Gamelan Jawa sendiri memiliki dua jenis yaitu Gamelan Salendro dan Gamelan Pelog.
Gamelan salendro biasa digunakan untuk mengiringi pertunjukan wayang, tari, kliningan, jaipongan
dan lain-lain. Sedangkan Gamelan pelog fungsinya hampir sama dengan gamelan salendro, hanya
kurang begitu berkembang dan kurang akrab di masyarakat dan jarang dimiliki oleh grup-grup
kesenian di masyarakat.

Alat musik khas daerah berikutnya adalah Jula-Juli. Jula-Juli adalah salah satu gendhing khas
dari Jawa Timur, dan sangat lazim digunakan untuk mengiringi Ludruk dan Tari Remo. Sedangkan
bentuk kesenian seni musik yang berupa lagu-lagu daerah dari Jawa antara lain: Bapak Pucung,
Cublak-Cublak Suweng, Gambang Suling, Gai Bintang, Gek Kepriye, Gundul-Gundul Pacul, Lir-ilir,
Jamuran, Kembang Malathe, Karapan Sape.[16]

F. Sistem Religi di Masyarakat Jawa

Ciri masyarakat Jawa yang lain adalah berketuhanan, bahkan sejak masa prasejarah.
Kepercayaan yang dianutnya adalah kepercayaan animisme, yaitu suatu kepercayaan tentang
adanya roh atau jiwa pada benda-benda, tumbuhan-tumbuhan, dan juga pada manusia sendiri.
Kepercayaan seperti itu adalah agama mereka yang pertama. Semua benda yang bergerak diangap
hidup dan memiliki roh, baik itu roh berwatak baik atau jahat.

Suku-suku bangsa Indonesia dan khususnya suku Jawa sebelum kedatangan pengaruh
Hinduisme telah hidup teratur dengan religi animisme-dinamisme sebagai akar spiritualitasnya, dan
hukum adat sebagai pranata kehidupan sosial mereka. Adanya warisan hukum adat menunjukkan
bahwa nenek moyang suku bangsa Indonesia asli telah hidup dalam persekutuan-persekutuan desa
yang teratur dan mungkin di bawah pemerintahan atau kepala adat desa, walaupun masih dalam
bentuk yang cukup sederhana. Religi animisme-dinamisme yang merupakan akar budaya asli
Indonesia dan khususnya dalam masyarakat Jawa cukup mengakar dalam sehingga punya
kemampuan yang kenyal (elastis). Dengan demikian, dapat bertahan walaupun mendapat pengaruh
dan berhadapan dengan kebudayaan-kebudayaan yang telah berkembang maju.

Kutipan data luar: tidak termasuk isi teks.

Lemma sum_fbias_ge1 (delta : R) X u : 0 <= delta -> 1 <= \sum_(x | e x u) fbias S delta X x u.
Proof.
move=> d0; rewrite sum_fbias ler_wpDl ?ler1n ?in_deg_gt0 //.
by case: ifP => _; rewrite ?mulr_ge0 ?ler0n.
Qed.

Lemma biased_kernel_ge0 (delta : R) :
  0 <= delta -> forall X u v, 0 <= biased_kernel delta X u v.
Proof.
move=> d0 X u v; apply: divr_ge0; first by apply: le_trans (fbias_ge1 _ _ _ d0).
by apply: le_trans (sum_fbias_ge1 _ _ d0).
Qed.

Lemma biased_kernel_sum1 (delta : R) :
  0 <= delta -> forall X u, \sum_(v | e v u) biased_kernel delta X u v = 1.
Proof.
move=> d0 X u; rewrite -mulr_suml divff // gt_eqF //.
exact: lt_le_trans ltr01 (sum_fbias_ge1 _ _ d0).
Qed.

Lemma biased_kernel_mutant (delta : R) :
  0 <= delta -> forall (X : {set T}) u v, e v u -> v \in X -> n^-1 <= biased_kernel delta X u v.
Proof.
move=> d0 X u v evu vX; have sum_gt0 := lt_le_trans ltr01 (sum_fbias_ge1 X u d0).
rewrite ler_pdivlMr // ler_pdivrMl ?n_gt0 //.
apply: le_trans (_ : _ <= \sum_(x | e x u) fbias S delta X v u) _.
  apply: ler_sum => x _; rewrite /fbias vX /=.
  by case: (u \in S); rewrite ?andbT ?andbF //; case: ifP => _; lra.
rewrite sumr_const -[fbias _ _ _ _ _ *+ _]mulr_natl ler_wpM2r ?ler_nat ?max_card //.
exact: le_trans ler01 (fbias_ge1 _ _ _ d0).
Qed.

Lemma limit_kernel_ge0 X u v : 0 <= limit_kernel X u v.
Proof. by rewrite /limit_kernel; case: ifP => _; [case: ifP => _|]; rewrite ?invr_ge0. Qed.

Lemma limit_kernel_sum1 X u : \sum_(v | e v u) limit_kernel X u v = 1.
Proof.
rewrite /limit_kernel.
case: (boolP ([exists x, e x u && (x \in X)] && (u \in S))) => [/andP[/existsP[x xN] _]|_].
  rewrite -big_mkcondr /= sumr_const -[_^-1 *+ _]mulr_natr mulVf // pnatr_eq0 -lt0n.
  by apply/card_gt0P; exists x.
by rewrite sumr_const -[_^-1 *+ _]mulr_natr mulVf // pnatr_eq0 -lt0n in_deg_gt0.
Qed.

Lemma limit_kernel_mutant (X : {set T}) u v :
  e v u -> v \in X -> n^-1 <= limit_kernel X u v.
Proof.
move=> evu vX; rewrite /limit_kernel; case: ifP => _; rewrite ?vX invn_le_invr ?max_card //.
  by apply/card_gt0P; exists v; rewrite inE evu.
exact: in_deg_gt0.
Qed.

Lemma biased_kernel_near (delta : R) X u v : 0 <= delta -> e v u ->
  `|biased_kernel delta X u v - limit_kernel X u v| <= n / (1 + delta).
Proof.
move=> d0 evu; have n1 : 1 <= n by rewrite ler1n.
have am := mutant_in_deg_le X u; have mN : (in_deg u <= #|T|)%N by exact: max_card.
rewrite /biased_kernel /limit_kernel sum_fbias /fbias.
case: (boolP (u \in S)) => uS /=; rewrite ?andbF ?andbT ?add0r; last first.
  by rewrite div1r subrr normr0 divr_ge0 ?ler0n //; lra.
case: (boolP [exists x, e x u && (x \in X)]) => [/existsP[x xN]|/existsPn noN] /=.
  have a1 : (1 <= mutant_in_deg X u)%N by apply/card_gt0P; exists x.
  case: (boolP (v \in X)) => vX.
    by apply: biased_share_mutant_near; rewrite ?ler1n ?ler_nat.
  rewrite div1r subr0 ger0_norm ?invr_ge0; last by rewrite addr_ge0 ?mulr_ge0 ?ler0n.
  by apply: biased_share_wild_le; rewrite ?ler1n ?ler_nat.
have -> : mutant_in_deg X u = 0%N by apply: eq_card0 => y; apply/negbTE/noN.
have := noN v; rewrite evu /= => /negbTE ->.
by rewrite mulr0 add0r div1r subrr normr0 divr_ge0 ?ler0n //; lra.
Qed.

Dengan kepercayaan tersebut mereka beranggapan bahwa disamping semua roh yang ada,
terdapat roh yang paling berkuasa dan lebih kuat dari manusia. Dan, agar terhindar dari roh tersebut
mereka menyembahnya dengan jalan mengadakan upacara disertai dengan sesaji.

Pelaksanaan upacara dilakukan oleh masyarakat Jawa adalah agar keluarga mereka
terlindung dari roh yang jahat. Cara yang ditempuh untuk menghadirkan arwah nenek moyang
adalah dengan mengundang orang yang sakti dan ahli dalam bidang tersebut yang disebut
prewangan untuk memimpin acara. Sebagai kelengkapan upacara tersebut mereka menyiapkan
sesaji dan membakar kemenyan atau bau-bauan lainnya yang digemari oleh nenek moyang. Selain
itu mereka juga menyempurnakan upacara dengan bunyi-bunyian dan tari-tarian.

Seperti upacara kematian secara berurutan diadakan sebagai berikut:

1. Selametan surtanah atau geblak yang diadakan pada saat meninggalnya seseorang.

2. Selametan nelung dina, yaitu upacara selamatan kematian yang diadakan pada hari ketiga
sesudah kematian seseorang.

3. Selametan mitung dina, yaitu upacara selamatan kematian yang diadakan pada hari ketujuh.
4. Selametan matang puluh dina, yaitu upacara selamatan kematian yang diadakan pada hari
keempat puluh.

5. Selametan nyatus, yaitu upacara selamatan kematian yang diadakan pada hari keseratus.

6. Selametan mendak sepisan dan mendak pindo, yaitu upacara selamatan kematian yang diadakan
pada tahun pertama dan kedua kematian seseorang.

7. Selametan nyewu, yaitu upacara selamatan kematian yang diadakan pada hari keseribu.

8. Selametan nguwis-nguwisi, yaitu upacara selamatan kematian yang diadakan terakhir kali.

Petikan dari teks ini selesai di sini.